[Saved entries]

=== Begin Enclosure ===

Lemma sumR_combine {X : Type} (f : X -> R) (l1 l2 : list X) : length l1 = length l2 ->
  sumR (map (fun p => f (fst p) + f (snd p)) (combine l1 l2))
  = sumR (map f l1) + sumR (map f l2).
Proof.
  revert l2. induction l1 as [|x l1 IH]; intros [|x2 l2] Hlen; simpl in *; try lia; try lra.
  rewrite IH by lia. lra.
Qed.

Section HadamardAction.
Variables (Y : Type) (d : Y -> Y -> R).
Hypothesis Hmet : is_metric Y d.

Lemma d_nonneg x z : 0 <= d x z. Proof. apply Hmet. Qed.
Lemma d_refl x : d x x = 0. Proof. apply Hmet; reflexivity. Qed.
Lemma d_sym x z : d x z = d z x. Proof. apply Hmet. Qed.
Lemma d_tri x z w : d x w <= d x z + d z w. Proof. apply Hmet. Qed.

Lemma geo_dist x z c s t : geodesic Y d x z c -> 0 <= s <= 1 -> 0 <= t <= 1 ->
  d (c s) (c t) = Rabs (s - t) * d x z.
Proof. intros [_ [_ H]]; apply H. Qed.

Lemma geo_rev x z c : geodesic Y d x z c -> geodesic Y d z x (fun s => c (1 - s)).
Proof.
  intros [H0 [H1 H]]. split; [|split].
  - replace (1 - 0) with 1 by ring. exact H1.
  - replace (1 - 1) with 0 by ring. exact H0.
  - intros s t Hs Ht. rewrite H by lra. rewrite d_sym.
    replace (1 - s - (1 - t)) with (- (s - t)) by ring. rewrite Rabs_Ropp. reflexivity.
Qed.

Lemma geo_from_start x z c t : geodesic Y d x z c -> 0 <= t <= 1 ->
  d (c t) x = t * d x z.
Proof.
  intros Hc Ht. assert (H0 : c 0 = x) by (destruct Hc; assumption). rewrite <- H0 at 1.
  rewrite (geo_dist x z c t 0 Hc) by lra. rewrite Rminus_0_r, Rabs_pos_eq by lra. reflexivity.
Qed.

Lemma geo_to_end x z c t : geodesic Y d x z c -> 0 <= t <= 1 ->
  d (c t) z = (1 - t) * d x z.
Proof.
  intros Hc Ht. assert (H1 : c 1 = z) by (destruct Hc as [_ [H1 _]]; exact H1). rewrite <- H1 at 1.
  rewrite (geo_dist x z c t 1 Hc) by lra. rewrite Rabs_minus_sym, Rabs_pos_eq by lra. reflexivity.
Qed.

Lemma frac_unit (m N : nat) : (0 < N)%nat -> (m <= N)%nat -> 0 <= INR m / INR N <= 1.
Proof.
  intros HN Hm. apply lt_0_INR in HN. apply le_INR in Hm. pose proof (pos_INR m).
  assert (Hinv : 0 < / INR N) by (apply Rinv_0_lt_compat; lra).
  unfold Rdiv. split; [nra|].
  rewrite <- (Rinv_r (INR N)) by lra. apply Rmult_le_compat_r; lra.
Qed.

Lemma geo_subdivision x z c (N k : nat) : geodesic Y d x z c -> (0 < N)%nat -> (k < N)%nat ->
  d (c (INR k / INR N)) (c (INR (S k) / INR N)) = d x z / INR N.
Proof.
  intros Hc HN Hk. pose proof (lt_0_INR _ HN) as HNr.
  rewrite (geo_dist x z c _ _ Hc) by (apply frac_unit; lia).
  replace (INR k / INR N - INR (S k) / INR N) with (- / INR N) by (rewrite S_INR; field; lra).
  rewrite Rabs_Ropp, Rabs_pos_eq by (left; apply Rinv_0_lt_compat; lra).
  unfold Rdiv. ring.
Qed.

Hypothesis Hgeo : forall x z, exists c, geodesic Y d x z c.
Hypothesis Hcat : forall P Q R' (c : R -> Y) lam, geodesic Y d Q R' c -> 0 <= lam <= 1 ->
  (d P (c lam))^2 <= (1 - lam) * (d P Q)^2 + lam * (d P R')^2
                     - lam * (1 - lam) * (d Q R')^2.

(* Two geodesics issued from a common point: comparison with a Euclidean
   triangle, obtained by applying the CAT(0) inequality twice. *)
Lemma convex_common_start p q q' c c' t :
  geodesic Y d p q c -> geodesic Y d p q' c' -> 0 <= t <= 1 ->
  d (c t) (c' t) <= t * d q q'.
Proof.
  intros Hc Hc' Ht.
  pose proof (Hcat (c t) p q' c' t Hc' Ht) as Hcat1.
  pose proof (Hcat q' p q c t Hc Ht) as Hcat2.
  rewrite (geo_from_start p q c t Hc Ht) in Hcat1.
  rewrite (d_sym q' p), (d_sym q' q), (d_sym q' (c t)) in Hcat2.
  pose proof (d_nonneg (c t) (c' t)). pose proof (d_nonneg q q').
  assert (Hweighted : t * d (c t) q' ^ 2 <=
            t * ((1 - t) * d p q' ^ 2 + t * d q q' ^ 2 - t * (1 - t) * d p q ^ 2))
    by (apply Rmult_le_compat_l; lra).
  apply le_of_sq_le; [assumption | nra | lra].
Qed.

(* Convexity of the distance between two geodesics, through a geodesic
   joining the start of one to the end of the other. *)
Lemma convex_dist p q p' q' c c' t :
  geodesic Y d p q c -> geodesic Y d p' q' c' -> 0 <= t <= 1 ->
  d (c t) (c' t) <= (1 - t) * d p p' + t * d q q'.
Proof.
  intros Hc Hc' Ht. destruct (Hgeo p q') as [c'' Hc''].
  pose proof (convex_common_start p q q' c c'' t Hc Hc'' Ht) as Hnear.
  pose proof (convex_common_start q' p p' _ _ (1 - t)
                (geo_rev _ _ _ Hc'') (geo_rev _ _ _ Hc') ltac:(lra)) as Hfar.
  cbv beta in Hfar. replace (1 - (1 - t)) with t in Hfar by ring.
  pose proof (d_tri (c t) (c'' t) (c' t)). lra.
Qed.

Variables (G : Type) (mul : G -> G -> G) (inv : G -> G) (e : G).
Hypothesis Hgrp : is_group G mul inv e.

Notation conj := (conjg G mul inv).

Lemma massoc a b c : mul a (mul b c) = mul (mul a b) c. Proof. apply Hgrp. Qed.
Lemma mel a : mul e a = a. Proof. apply Hgrp. Qed.
Lemma mer a : mul a e = a. Proof. apply Hgrp. Qed.
Lemma minvl a : mul (inv a) a = e. Proof. apply Hgrp. Qed.
Lemma minvr a : mul a (inv a) = e. Proof. apply Hgrp. Qed.

Lemma inv_uniq a b : mul a b = e -> b = inv a.
Proof. intro H. rewrite <- (mel b), <- (minvl a), <- massoc, H, mer. reflexivity. Qed.

Lemma inv_mul a b : inv (mul a b) = mul (inv b) (inv a).
Proof.
  symmetry; apply inv_uniq. rewrite <- massoc, (massoc b), minvr, mel, minvr. reflexivity.
Qed.

Lemma inv_inv a : inv (inv a) = a.
Proof. symmetry; apply inv_uniq, minvl. Qed.

Lemma inv_e : inv e = e.
Proof. symmetry; apply inv_uniq, mel. Qed.

Lemma conjg_mul z w x : conj (mul z w) x = conj w (conj z x).
Proof. unfold conjg. rewrite inv_mul, !massoc. reflexivity. Qed.

Lemma conjg_inv g x : conj (inv g) (conj g x) = x.
Proof.
  unfold conjg. rewrite inv_inv, !massoc, minvr, mel, <- massoc, minvr, mer. reflexivity.
Qed.

Lemma conjg_e x : conj e x = x.
Proof. unfold conjg. rewrite inv_e, mel, mer. reflexivity. Qed.

Variable act : G -> Y -> Y.
Hypothesis Hact : isometric_action G mul e Y d act.

Lemma act_e x : act e x = x. Proof. apply Hact. Qed.
Lemma act_mul g h x : act (mul g h) x = act g (act h x). Proof. apply Hact. Qed.
Lemma act_iso g x z : d (act g x) (act g z) = d x z. Proof. apply Hact. Qed.

Lemma act_inv_r g x : act g (act (inv g) x) = x.
Proof. rewrite <- act_mul, minvr, act_e. reflexivity. Qed.

Lemma d_act_inv g p q : d (act (inv g) p) q = d p (act g q).
Proof. rewrite <- (act_iso g), act_inv_r. reflexivity. Qed.

Lemma d_conj h ai y : d y (act (conj h ai) y) = d (act h y) (act ai (act h y)).
Proof.
  unfold conjg. rewrite !act_mul, d_sym, d_act_inv, d_sym. reflexivity.
Qed.

Lemma geo_act g x z c : geodesic Y d x z c ->
  geodesic Y d (act g x) (act g z) (fun s => act g (c s)).
Proof.
  intros [H0 [H1 H]]. split; [|split].
  - simpl. rewrite H0. reflexivity.
  - simpl. rewrite H1. reflexivity.
  - intros. rewrite !act_iso. auto.
Qed.

Definition displacement (a : list G) (p : Y) : R := sumR (map (fun ai => d p (act ai p)) a).

Lemma displacement_nonneg a p : 0 <= displacement a p.
Proof.
  induction a as [|ai a IH]; unfold displacement in *; simpl; [lra|].
  pose proof (d_nonneg p (act ai p)). lra.
Qed.

Lemma displacement_term a ai p : In ai a -> d p (act ai p) <= displacement a p.
Proof.
  induction a as [|b a IH]; unfold displacement in *; simpl; intros Hin; [contradiction|].
  pose proof (displacement_nonneg a p). pose proof (d_nonneg p (act b p)).
  unfold displacement in *. destruct Hin as [<-|Hin]; [lra|]. pose proof (IH Hin). lra.
Qed.

(* Each term d(p, a_i p) is convex along geodesics: compare the geodesic c
   with its translate a_i c. *)
Lemma displacement_convex a p q c t : geodesic Y d p q c -> 0 <= t <= 1 ->
  displacement a (c t) <= (1 - t) * displacement a p + t * displacement a q.
Proof.
  intros Hc Ht. induction a as [|ai a IH]; unfold displacement in *; simpl; [lra|].
  pose proof (convex_dist p q (act ai p) (act ai q) c _ t Hc
                (geo_act ai _ _ _ Hc) Ht). lra.
Qed.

=== End Enclosure ===

The required output is every line above from the one with "Proof. unfold conjg. rewrite inv_mul, !massoc." down to the one with "Definition displacement (a", restated word for word, ends included.

> [Result for this exercise]
Proof. unfold conjg. rewrite inv_mul, !massoc. reflexivity. Qed.

Lemma conjg_inv g x : conj (inv g) (conj g x) = x.
Proof.
  unfold conjg. rewrite inv_inv, !massoc, minvr, mel, <- massoc, minvr, mer. reflexivity.
Qed.

Lemma conjg_e x : conj e x = x.
Proof. unfold conjg. rewrite inv_e, mel, mer. reflexivity. Qed.

Variable act : G -> Y -> Y.
Hypothesis Hact : isometric_action G mul e Y d act.

Lemma act_e x : act e x = x. Proof. apply Hact. Qed.
Lemma act_mul g h x : act (mul g h) x = act g (act h x). Proof. apply Hact. Qed.
Lemma act_iso g x z : d (act g x) (act g z) = d x z. Proof. apply Hact. Qed.

Lemma act_inv_r g x : act g (act (inv g) x) = x.
Proof. rewrite <- act_mul, minvr, act_e. reflexivity. Qed.

Lemma d_act_inv g p q : d (act (inv g) p) q = d p (act g q).
Proof. rewrite <- (act_iso g), act_inv_r. reflexivity. Qed.

Lemma d_conj h ai y : d y (act (conj h ai) y) = d (act h y) (act ai (act h y)).
Proof.
  unfold conjg. rewrite !act_mul, d_sym, d_act_inv, d_sym. reflexivity.
Qed.

Lemma geo_act g x z c : geodesic Y d x z c ->
  geodesic Y d (act g x) (act g z) (fun s => act g (c s)).
Proof.
  intros [H0 [H1 H]]. split; [|split].
  - simpl. rewrite H0. reflexivity.
  - simpl. rewrite H1. reflexivity.
  - intros. rewrite !act_iso. auto.
Qed.

Definition displacement (a : list G) (p : Y) : R := sumR (map (fun ai => d p (act ai p)) a).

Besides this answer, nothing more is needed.